• Work item:
In the reply, include exactly the lines of the entries below from the first to the line with "by exists z.", that line included.

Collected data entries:
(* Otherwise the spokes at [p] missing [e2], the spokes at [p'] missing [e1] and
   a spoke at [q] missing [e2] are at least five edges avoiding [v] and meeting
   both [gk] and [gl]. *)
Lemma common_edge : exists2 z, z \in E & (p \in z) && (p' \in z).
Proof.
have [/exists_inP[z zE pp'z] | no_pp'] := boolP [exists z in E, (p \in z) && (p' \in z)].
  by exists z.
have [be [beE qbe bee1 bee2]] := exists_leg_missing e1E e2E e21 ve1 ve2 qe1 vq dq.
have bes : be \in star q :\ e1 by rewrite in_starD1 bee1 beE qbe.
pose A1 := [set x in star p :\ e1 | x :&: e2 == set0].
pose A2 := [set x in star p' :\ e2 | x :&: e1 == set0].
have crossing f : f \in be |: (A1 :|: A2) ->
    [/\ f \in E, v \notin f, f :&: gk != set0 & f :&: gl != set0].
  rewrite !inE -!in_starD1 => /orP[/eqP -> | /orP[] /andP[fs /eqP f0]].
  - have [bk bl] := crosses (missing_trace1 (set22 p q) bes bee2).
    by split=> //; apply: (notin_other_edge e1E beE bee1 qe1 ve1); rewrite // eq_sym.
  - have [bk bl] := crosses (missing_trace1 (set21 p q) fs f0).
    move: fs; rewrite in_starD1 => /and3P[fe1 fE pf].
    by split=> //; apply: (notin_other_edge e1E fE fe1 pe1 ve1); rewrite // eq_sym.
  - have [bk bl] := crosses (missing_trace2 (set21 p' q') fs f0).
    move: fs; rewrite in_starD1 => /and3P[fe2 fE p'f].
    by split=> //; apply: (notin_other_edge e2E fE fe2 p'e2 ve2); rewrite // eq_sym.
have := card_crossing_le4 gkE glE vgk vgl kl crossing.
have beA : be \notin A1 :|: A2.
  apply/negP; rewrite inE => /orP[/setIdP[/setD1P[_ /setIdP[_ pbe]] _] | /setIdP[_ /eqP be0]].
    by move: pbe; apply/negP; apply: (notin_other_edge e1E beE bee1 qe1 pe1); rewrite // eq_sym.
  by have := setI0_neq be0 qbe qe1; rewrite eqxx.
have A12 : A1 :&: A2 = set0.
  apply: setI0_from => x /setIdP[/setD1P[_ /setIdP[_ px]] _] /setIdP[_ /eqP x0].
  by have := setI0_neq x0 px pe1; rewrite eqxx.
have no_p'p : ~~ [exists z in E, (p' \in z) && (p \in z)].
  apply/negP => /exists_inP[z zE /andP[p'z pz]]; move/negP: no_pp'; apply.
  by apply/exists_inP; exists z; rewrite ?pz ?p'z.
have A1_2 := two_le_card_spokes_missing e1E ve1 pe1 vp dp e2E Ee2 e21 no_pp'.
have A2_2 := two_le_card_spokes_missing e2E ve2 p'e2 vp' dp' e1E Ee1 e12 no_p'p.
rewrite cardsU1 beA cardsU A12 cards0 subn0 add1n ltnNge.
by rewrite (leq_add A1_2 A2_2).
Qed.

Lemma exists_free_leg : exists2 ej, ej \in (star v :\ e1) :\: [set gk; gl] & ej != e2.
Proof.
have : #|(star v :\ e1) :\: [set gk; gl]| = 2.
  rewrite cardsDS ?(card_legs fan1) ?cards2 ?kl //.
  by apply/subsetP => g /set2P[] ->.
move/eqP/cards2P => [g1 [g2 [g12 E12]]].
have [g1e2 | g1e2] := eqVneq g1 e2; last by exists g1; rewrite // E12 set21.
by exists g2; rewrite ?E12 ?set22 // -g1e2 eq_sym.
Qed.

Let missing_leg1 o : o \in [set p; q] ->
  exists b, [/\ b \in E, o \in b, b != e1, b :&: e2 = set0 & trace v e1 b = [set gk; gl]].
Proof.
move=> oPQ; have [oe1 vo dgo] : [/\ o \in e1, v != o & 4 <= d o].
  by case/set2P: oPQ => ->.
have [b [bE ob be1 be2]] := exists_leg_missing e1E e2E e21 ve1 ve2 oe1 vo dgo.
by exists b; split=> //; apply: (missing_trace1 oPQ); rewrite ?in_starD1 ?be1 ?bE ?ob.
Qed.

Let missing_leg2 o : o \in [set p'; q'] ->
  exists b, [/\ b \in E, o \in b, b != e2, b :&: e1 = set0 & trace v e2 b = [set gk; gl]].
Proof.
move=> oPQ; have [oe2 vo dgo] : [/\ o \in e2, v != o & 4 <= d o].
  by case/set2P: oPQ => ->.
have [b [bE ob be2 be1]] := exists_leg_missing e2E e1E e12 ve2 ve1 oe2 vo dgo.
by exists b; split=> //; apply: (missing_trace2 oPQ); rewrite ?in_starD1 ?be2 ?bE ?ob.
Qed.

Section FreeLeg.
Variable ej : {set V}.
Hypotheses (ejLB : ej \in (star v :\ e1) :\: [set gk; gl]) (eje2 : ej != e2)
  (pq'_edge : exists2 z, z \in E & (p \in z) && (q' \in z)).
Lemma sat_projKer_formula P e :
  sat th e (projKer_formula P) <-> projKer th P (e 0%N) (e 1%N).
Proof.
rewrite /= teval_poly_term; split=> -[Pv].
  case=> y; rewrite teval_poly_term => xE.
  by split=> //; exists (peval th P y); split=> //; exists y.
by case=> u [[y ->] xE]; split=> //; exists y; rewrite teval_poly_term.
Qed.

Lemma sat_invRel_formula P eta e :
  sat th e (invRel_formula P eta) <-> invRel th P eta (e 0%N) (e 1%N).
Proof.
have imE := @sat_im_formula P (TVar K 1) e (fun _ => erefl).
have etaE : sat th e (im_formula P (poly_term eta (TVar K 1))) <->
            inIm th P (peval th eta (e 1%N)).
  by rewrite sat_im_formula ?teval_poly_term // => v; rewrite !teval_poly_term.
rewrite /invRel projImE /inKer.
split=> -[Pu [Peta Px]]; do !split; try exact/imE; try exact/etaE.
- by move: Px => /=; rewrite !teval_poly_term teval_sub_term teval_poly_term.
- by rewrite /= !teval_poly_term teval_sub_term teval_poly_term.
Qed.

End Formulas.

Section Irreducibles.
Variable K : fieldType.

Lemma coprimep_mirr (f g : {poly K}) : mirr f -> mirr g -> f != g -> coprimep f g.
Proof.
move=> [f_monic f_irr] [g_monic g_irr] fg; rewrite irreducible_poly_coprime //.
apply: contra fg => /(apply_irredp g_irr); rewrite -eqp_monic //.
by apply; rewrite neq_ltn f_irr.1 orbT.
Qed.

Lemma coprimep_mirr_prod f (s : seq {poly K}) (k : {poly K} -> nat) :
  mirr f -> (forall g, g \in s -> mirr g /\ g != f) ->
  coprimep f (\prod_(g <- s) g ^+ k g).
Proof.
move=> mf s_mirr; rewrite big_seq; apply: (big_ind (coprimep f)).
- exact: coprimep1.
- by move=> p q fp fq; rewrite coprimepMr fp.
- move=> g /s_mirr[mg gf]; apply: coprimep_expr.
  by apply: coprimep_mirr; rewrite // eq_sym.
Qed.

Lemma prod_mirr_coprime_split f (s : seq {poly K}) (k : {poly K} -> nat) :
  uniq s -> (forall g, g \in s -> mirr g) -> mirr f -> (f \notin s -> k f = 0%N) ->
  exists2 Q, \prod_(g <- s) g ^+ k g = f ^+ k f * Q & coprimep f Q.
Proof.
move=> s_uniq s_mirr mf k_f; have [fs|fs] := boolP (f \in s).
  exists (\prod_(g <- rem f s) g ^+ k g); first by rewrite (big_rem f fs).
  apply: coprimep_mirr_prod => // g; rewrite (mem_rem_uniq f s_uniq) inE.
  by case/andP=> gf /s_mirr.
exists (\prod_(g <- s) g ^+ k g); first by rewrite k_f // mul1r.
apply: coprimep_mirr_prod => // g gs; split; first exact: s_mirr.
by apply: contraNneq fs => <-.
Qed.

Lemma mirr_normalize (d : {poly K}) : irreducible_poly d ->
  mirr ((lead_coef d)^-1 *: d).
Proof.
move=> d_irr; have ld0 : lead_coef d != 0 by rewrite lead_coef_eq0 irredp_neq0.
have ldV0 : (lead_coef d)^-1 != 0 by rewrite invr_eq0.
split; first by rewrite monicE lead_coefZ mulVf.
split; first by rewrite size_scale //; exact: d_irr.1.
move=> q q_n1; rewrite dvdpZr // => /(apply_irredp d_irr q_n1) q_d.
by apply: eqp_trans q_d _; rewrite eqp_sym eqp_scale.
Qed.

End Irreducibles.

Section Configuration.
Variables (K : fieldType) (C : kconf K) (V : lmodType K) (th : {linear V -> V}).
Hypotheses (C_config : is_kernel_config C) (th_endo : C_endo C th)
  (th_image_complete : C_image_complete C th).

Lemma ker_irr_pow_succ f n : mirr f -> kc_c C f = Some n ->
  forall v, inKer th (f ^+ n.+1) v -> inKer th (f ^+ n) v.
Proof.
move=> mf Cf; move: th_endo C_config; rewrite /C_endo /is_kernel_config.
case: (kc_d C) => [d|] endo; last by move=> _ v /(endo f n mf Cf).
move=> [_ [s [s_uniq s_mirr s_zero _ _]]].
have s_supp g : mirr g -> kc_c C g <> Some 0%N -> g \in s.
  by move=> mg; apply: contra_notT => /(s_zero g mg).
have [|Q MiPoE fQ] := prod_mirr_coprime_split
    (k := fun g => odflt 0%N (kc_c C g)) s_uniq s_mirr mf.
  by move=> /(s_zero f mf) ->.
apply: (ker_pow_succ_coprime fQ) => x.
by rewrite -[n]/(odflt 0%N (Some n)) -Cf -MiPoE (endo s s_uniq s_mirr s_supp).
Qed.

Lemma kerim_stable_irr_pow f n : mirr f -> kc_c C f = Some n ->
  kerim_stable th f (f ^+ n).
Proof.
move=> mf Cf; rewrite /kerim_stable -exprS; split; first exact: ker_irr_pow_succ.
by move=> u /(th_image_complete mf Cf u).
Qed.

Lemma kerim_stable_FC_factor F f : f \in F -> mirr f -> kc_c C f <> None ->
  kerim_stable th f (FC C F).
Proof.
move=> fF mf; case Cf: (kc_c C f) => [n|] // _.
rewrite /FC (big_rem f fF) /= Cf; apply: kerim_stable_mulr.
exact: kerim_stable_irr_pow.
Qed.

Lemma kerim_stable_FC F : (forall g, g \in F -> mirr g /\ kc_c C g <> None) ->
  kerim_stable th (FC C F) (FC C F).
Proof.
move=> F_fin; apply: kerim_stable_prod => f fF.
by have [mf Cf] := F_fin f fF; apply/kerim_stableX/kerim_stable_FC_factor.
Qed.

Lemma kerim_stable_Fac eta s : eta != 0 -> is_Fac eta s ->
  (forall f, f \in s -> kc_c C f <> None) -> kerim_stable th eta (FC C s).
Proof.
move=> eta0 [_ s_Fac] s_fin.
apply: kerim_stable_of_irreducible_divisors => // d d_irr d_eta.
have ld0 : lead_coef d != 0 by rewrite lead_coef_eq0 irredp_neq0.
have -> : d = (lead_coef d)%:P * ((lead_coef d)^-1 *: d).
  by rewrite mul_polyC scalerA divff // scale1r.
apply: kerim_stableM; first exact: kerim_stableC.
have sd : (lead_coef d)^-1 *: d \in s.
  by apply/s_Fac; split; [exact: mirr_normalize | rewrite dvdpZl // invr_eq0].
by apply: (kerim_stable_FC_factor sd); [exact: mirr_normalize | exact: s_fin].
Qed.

• Written solution:
(* Otherwise the spokes at [p] missing [e2], the spokes at [p'] missing [e1] and
   a spoke at [q] missing [e2] are at least five edges avoiding [v] and meeting
   both [gk] and [gl]. *)
Lemma common_edge : exists2 z, z \in E & (p \in z) && (p' \in z).
Proof.
have [/exists_inP[z zE pp'z] | no_pp'] := boolP [exists z in E, (p \in z) && (p' \in z)].
  by exists z.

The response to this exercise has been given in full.